Re: Godel's Incompleteness theorem

On Jul 1, 11:59 am, Tonico <Tonic...@xxxxxxxxx> wrote:

<snip>

You shouldn't get pissed off: the definition of complete axiomatic
system is really NOT what you said: an axiomatic system is complete if
for any (well-formed) statement P, either P or ~P can be proved within
the axioms.

Put in another form, it could be said that the system is complete if
any well-defined valid formula is a (provable) theorem within the
system.

If you say "any truthful statement can be derived", you are messing
things up: how can you know whether a statement is truthful if you
haven't yet proved it? It sounds like a tautology: if the statement
can be derived (I understand this as meaning proved), then it is
truthful, and of course the other way around: if it is truthful then
it is so because it can be "derived" (= proved) in the system.

Regards
Tonio

The original poster asked:

"Can somebody provide me some good explanation on Godel's
incompleteness theorem in a simple way."

I knew I'd get criticism for being inexact. Fine.

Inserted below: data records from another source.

(* Let $A$ be a set of regular cardinals and let $\lambda\in\operatorname{spec}(A)$. Then either $\lambda\leq\operatorname{cf}(\prod A/J_{\mathrm{bd}})$, or $\lambda\in\operatorname{spec}(\bar A)$ for some proper initial segment $\bar A$ of $A$. In particular, if $\lambda\in\operatorname{spec}^*(A)$, then $\lambda\leq\operatorname{cf}(\prod A/J_{\mathrm{bd}})$.
   Context: $\prod A$ is the set of functions $f$ on $A$ with $f(a)\in a$, ordered pointwise. $J_{\mathrm{bd}}$ is the ideal of bounded subsets of $A$; $\operatorname{cf}(\prod A/J_{\mathrm{bd}})$ is the least size of a family $\mathcal{C}\subseteq\prod A$ such that every $h\in\prod A$ satisfies $h<f$ modulo $J_{\mathrm{bd}}$ (i.e., $\{a:h(a)\geq f(a)\}\in J_{\mathrm{bd}}$) for some $f\in\mathcal{C}$. $\operatorname{spec}(B)$, for a set $B$ of regular cardinals, is the set of regular $\kappa$ for which some $\mathcal{F}\subseteq\prod B$ of size $\kappa$ has every $\kappa$-sized subset unbounded in $(\prod B,<)$ (equivalently, $(\prod B,<)\geq_T\kappa$ in the Tukey order). For $\mathcal{G}\subseteq\prod A$, $\operatorname{ub}(\mathcal{G})$ is the set of $a\in A$ with $\{f(a):f\in\mathcal{G}\}$ unbounded in $a$. $\operatorname{spec}^*(A)$ is the set of regular $\lambda$ such that there is $\mathcal{F}\subseteq\prod A$ of size $\lambda$ with $\operatorname{ub}(\mathcal{F}_0)$ unbounded in $\sup(A)$ for every $\lambda$-sized $\mathcal{F}_0\subseteq\mathcal{F}$. *)

(* Cardinals are modelled as well-ordered types (initial ordinals);
   cardinal comparison is via injections. *)
From Stdlib Require Import Classical.

Set Implicit Arguments.

Definition injective_map (X Y : Type) (f : X -> Y) : Prop :=
  forall x y, f x = f y -> x = y.

Definition inj_le (X Y : Type) : Prop := exists f : X -> Y, injective_map f.

Definition well_order (X : Type) (lt : X -> X -> Prop) : Prop :=
  well_founded lt /\
  (forall x y z, lt x y -> lt y z -> lt x z) /\
  (forall x y, lt x y \/ x = y \/ lt y x).

Definition is_cardinal (X : Type) (lt : X -> X -> Prop) : Prop :=
  well_order lt /\ forall x : X, ~ inj_le X {y : X | lt y x}.

Definition is_regular (X : Type) (lt : X -> X -> Prop) : Prop :=
  is_cardinal lt /\ inj_le nat X /\
  forall S : X -> Prop, (forall x, exists y, S y /\ ~ lt y x) -> inj_le X {y : X | S y}.

(* A set of regular cardinals is given by an index type I and, for each
   a : I, a regular cardinal (T a, ltT a); f \in prod A is f : forall a, T a. *)

Definition idx_lt (I : Type) (T : I -> Type) (i j : I) : Prop :=
  inj_le (T i) (T j) /\ ~ inj_le (T j) (T i).

(* X is in J_bd: sup X < sup A, i.e. X is contained in {a in A | a < b} for some b in A *)
Definition bounded_in (I : Type) (T : I -> Type) (X : I -> Prop) : Prop :=
  exists b : I, forall i, X i -> idx_lt T i b.

Definition in_spec (J : Type) (S : J -> Type) (ltS : forall j, S j -> S j -> Prop)
  (K : Type) (ltK : K -> K -> Prop) : Prop :=
  is_regular ltK /\
  exists phi : K -> (forall j, S j),
    injective_map phi /\
    forall X : K -> Prop, inj_le K {x : K | X x} ->
      ~ exists g : (forall j, S j), forall x, X x -> forall j, ltS j (phi x j) (g j).

Definition ub (I : Type) (T : I -> Type) (ltT : forall i, T i -> T i -> Prop)
  (K : Type) (phi : K -> forall i, T i) (X : K -> Prop) (i : I) : Prop :=
  ~ exists beta : T i, forall x, X x -> ltT i (phi x i) beta.

Definition in_spec_star (I : Type) (T : I -> Type) (ltT : forall i, T i -> T i -> Prop)
  (K : Type) (ltK : K -> K -> Prop) : Prop :=
  is_regular ltK /\
  exists phi : K -> (forall i, T i),
    injective_map phi /\
    forall X : K -> Prop, inj_le K {x : K | X x} ->
      ~ bounded_in T (@ub I T ltT K phi X).

Definition le_cf_bd (I : Type) (T : I -> Type) (ltT : forall i, T i -> T i -> Prop)
  (K : Type) : Prop :=
  forall C : (forall i, T i) -> Prop,
    (forall h : (forall i, T i), exists f, C f /\
        bounded_in T (fun i => ~ ltT i (h i) (f i))) ->
    inj_le K {f : (forall i, T i) | C f}.

Definition proper_initial_segment (I : Type) (T : I -> Type) (B : I -> Prop) : Prop :=
  (forall i j, B j -> inj_le (T i) (T j) -> B i) /\ exists i, ~ B i.

(* Let phi : lambda -> prod A and let C be cofinal in prod A / J_bd with |C| < lambda.  As lambda
   is regular, lambda many phi y lie below a single f in C modulo J_bd.  Cofinality makes C
   unbounded at every a from some a0 on, so each such a has |a| <= |C| < lambda; as distinct
   cardinals below lambda they are fewer than lambda, and a second pigeonhole gives b and lambda
   many phi y below f at every a >= b.  Restricted to the initial segment below b these phi y
   witness lambda in spec (after passing to an injective subfamily), and for spec^* they bound ub
   by b. *)

From Stdlib Require Import ClassicalEpsilon ProofIrrelevance FunctionalExtensionality Wellfounded.

Lemma dependent_functional_choice {A : Type} {B : A -> Type} (R : forall x, B x -> Prop) :
  (forall x, exists y, R x y) -> exists f : forall x, B x, forall x, R x (f x).
Proof.
  intros H. exists (fun x => proj1_sig (constructive_indefinite_description _ (H x))).
  intros x. exact (proj2_sig (constructive_indefinite_description _ (H x))).
Qed.

Lemma proj1_sig_inj {X : Type} {P : X -> Prop} (a b : {x | P x}) :
  proj1_sig a = proj1_sig b -> a = b.
Proof. destruct a, b; simpl. apply subset_eq_compat. Qed.

Lemma inj_le_trans {X Y Z : Type} : inj_le X Y -> inj_le Y Z -> inj_le X Z.
Proof.
  intros [f Hf] [g Hg]. exists (fun x => g (f x)).
  intros x y E. exact (Hf _ _ (Hg _ _ E)).
Qed.

Lemma inj_le_full (X : Type) : inj_le X {x : X | True}.
Proof. exists (fun x => exist _ x I). intros x y E. exact (f_equal (@proj1_sig _ _) E). Qed.

Lemma inj_le_subset {X : Type} {P Q : X -> Prop} :
  (forall x, P x -> Q x) -> inj_le {x | P x} {x | Q x}.
Proof.
  intros H. exists (fun x => exist Q (proj1_sig x) (H _ (proj2_sig x))).
  intros x y E. apply proj1_sig_inj. exact (f_equal (@proj1_sig _ _) E).
Qed.

Lemma inj_le_range {K X : Type} (g : K -> X) : inj_le {x | exists k, g k = x} K.
Proof.
  destruct (dependent_functional_choice (fun (x : {x | exists k, g k = x}) k => g k = proj1_sig x)
              (fun x => proj2_sig x)) as [pre Hpre].
  exists pre. intros x y E. apply proj1_sig_inj. rewrite <- Hpre, <- (Hpre y), E. reflexivity.
Qed.

Lemma inj_le_image {X Y : Type} {u : X -> Y} (Hu : injective_map u) (P : X -> Prop) :
  inj_le {x | P x} {y | exists x, P x /\ u x = y}.
Proof.
  exists (fun x => exist _ (u (proj1_sig x))
                    (ex_intro _ (proj1_sig x) (conj (proj2_sig x) eq_refl))).
  intros x y E. apply proj1_sig_inj, Hu. exact (f_equal (@proj1_sig _ _) E).
Qed.

Lemma well_founded_irrefl {X : Type} {lt : X -> X -> Prop} :
  well_founded lt -> forall x, ~ lt x x.
Proof. intros Hwf x. induction (Hwf x) as [x _ IH]. intros H. exact (IH x H H). Qed.

Lemma well_founded_minimal {X : Type} {lt : X -> X -> Prop} (P : X -> Prop) :
  well_founded lt -> (exists x, P x) -> exists x, P x /\ forall y, lt y x -> ~ P y.
Proof.
  intros Hwf [x Px]. induction (Hwf x) as [x _ IH].
  destruct (classic (exists y, lt y x /\ P y)) as [[y [Hy Py]] | Hmin].
  - exact (IH y Hy Py).
  - exists x. split; [exact Px|]. intros y Hy Py. apply Hmin. eauto.
Qed.

Section Comparability.

Context {X : Type} {lt : X -> X -> Prop} (Hwo : well_order lt) (Y : Type).

Definition greedy_step (x : X) (g : forall z, lt z x -> option Y) : option Y :=
  match excluded_middle_informative (exists y, forall z (h : lt z x), g z h <> Some y) with
  | left H => Some (proj1_sig (constructive_indefinite_description _ H))
  | right _ => None
  end.

Definition greedy : X -> option Y := Fix (proj1 Hwo) (fun _ => option Y) greedy_step.

Lemma greedy_eq x : greedy x = greedy_step x (fun z _ => greedy z).
Proof.
  apply (Fix_eq (proj1 Hwo) (fun _ => option Y) greedy_step).
  intros x' g g' Hg. replace g' with g; [reflexivity|].
  apply functional_extensionality_dep; intros z. apply functional_extensionality_dep; intros h.
  apply Hg.
Qed.

Lemma greedy_fresh x y : greedy x = Some y -> forall z, lt z x -> greedy z <> Some y.
Proof.
  rewrite greedy_eq. unfold greedy_step.
  destruct excluded_middle_informative as [H | _]; [|discriminate].
  intros E. injection E as E. subst y. exact (proj2_sig (constructive_indefinite_description _ H)).
Qed.

Lemma greedy_exhausted x : greedy x = None -> forall y, exists z, lt z x /\ greedy z = Some y.
Proof.
  rewrite greedy_eq. unfold greedy_step.
  destruct excluded_middle_informative as [H | H]; [discriminate|].
  intros _ y. apply NNPP. intros Hy. apply H. exists y. intros z h E. apply Hy. eauto.
Qed.

Lemma well_order_comparable : inj_le X Y \/ exists x0, inj_le Y {z | lt z x0}.
Proof.
  destruct Hwo as [_ [_ Htri]].
  destruct (classic (forall x, exists y, greedy x = Some y)) as [Htotal | Hpartial].
  - left. destruct (dependent_functional_choice _ Htotal) as [e He].
    exists e. intros a b E.
    destruct (Htri a b) as [Hab | [Hab | Hab]]; [exfalso | exact Hab | exfalso].
    + apply (greedy_fresh b (e b) (He b) a Hab). rewrite <- E. apply He.
    + apply (greedy_fresh a (e a) (He a) b Hab). rewrite E. apply He.
  - right. apply not_all_ex_not in Hpartial as [x0 Hx0].
    assert (Hnone : greedy x0 = None).
    { destruct (greedy x0) as [y|]; [exfalso; eauto | reflexivity]. }
    destruct (dependent_functional_choice
                (fun y (z : {z | lt z x0}) => greedy (proj1_sig z) = Some y))
      as [d Hd].
    { intros y. destruct (greedy_exhausted x0 Hnone y) as [z [Hz E]].
      exists (exist _ z Hz). exact E. }
    exists x0, d. intros a b E.
    assert (Hab : Some a = Some b) by (rewrite <- Hd, <- (Hd b), E; reflexivity).
    injection Hab as Hab. exact Hab.
Qed.

End Comparability.

Lemma well_order_sub {X : Type} {lt : X -> X -> Prop} (P : X -> Prop) :
  well_order lt -> well_order (fun a b : {x | P x} => lt (proj1_sig a) (proj1_sig b)).
Proof.
  intros [Hwf [Htr Htri]]. split; [|split].
  - exact (wf_inverse_image _ _ lt (@proj1_sig _ _) Hwf).
  - intros a b c. apply Htr.
  - intros a b. destruct (Htri (proj1_sig a) (proj1_sig b)) as [H | [H | H]]; auto.
    right; left. exact (proj1_sig_inj _ _ H).
Qed.

Lemma well_order_comparable_below {X : Type} {lt : X -> X -> Prop} (Hwo : well_order lt)
  (m : X) (Y : Type) :
  inj_le {z | lt z m} Y \/ exists x0, lt x0 m /\ inj_le Y {z | lt z x0}.
Proof.
  destruct (well_order_comparable (well_order_sub (fun z => lt z m) Hwo) Y) as [H | [x0 H]].
  - left. exact H.
  - right. exists (proj1_sig x0). split; [exact (proj2_sig x0)|].
    apply (inj_le_trans H).
    exists (fun w => exist (fun z => lt z (proj1_sig x0)) (proj1_sig (proj1_sig w)) (proj2_sig w)).
    intros a b E. apply proj1_sig_inj, proj1_sig_inj. exact (f_equal (@proj1_sig _ _) E).
Qed.

Section Regular.

Context {X : Type} {lt : X -> X -> Prop} (Hr : is_regular lt).

Lemma regular_bounded_of_small (P : X -> Prop) :
  ~ inj_le X {x | P x} -> exists b, forall x, P x -> lt x b.
Proof.
  intros Hsmall. destruct Hr as [_ [_ Hcof]].
  apply NNPP. intros Hunb. apply Hsmall, Hcof. intros b.
  apply NNPP. intros Hb. apply Hunb. exists b. intros x Px.
  apply NNPP. intros Hx. apply Hb. eauto.
Qed.

Lemma regular_bounded_range {K : Type} (g : K -> X) :
  ~ inj_le X K -> exists b, forall k, lt (g k) b.
Proof.
  intros HK. destruct (regular_bounded_of_small (fun x => exists k, g k = x)) as [b Hb].
  - intros H. exact (HK (inj_le_trans H (inj_le_range g))).
  - exists b. intros k. apply Hb. eauto.
Qed.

But when you or others start discussing P and ~P and talking axioms,
complexity of systems, etc., I think you're getting away from what the
original poster requested, which was a good yet simple explanation.

Of course, the original poster did not require 30 words or less, and
the original poster did not say "no math or logic symbols".

But how would you explain Godel's work, consistency, and completeness
without resorting to symbolic equations? I tried, since I did not
know the expertise of the original poster.

It must rankle mathematicians when a theorem or mathematical result is
paraphrased, and even without math or logic symbols, for it loses
exactness. Horror!
.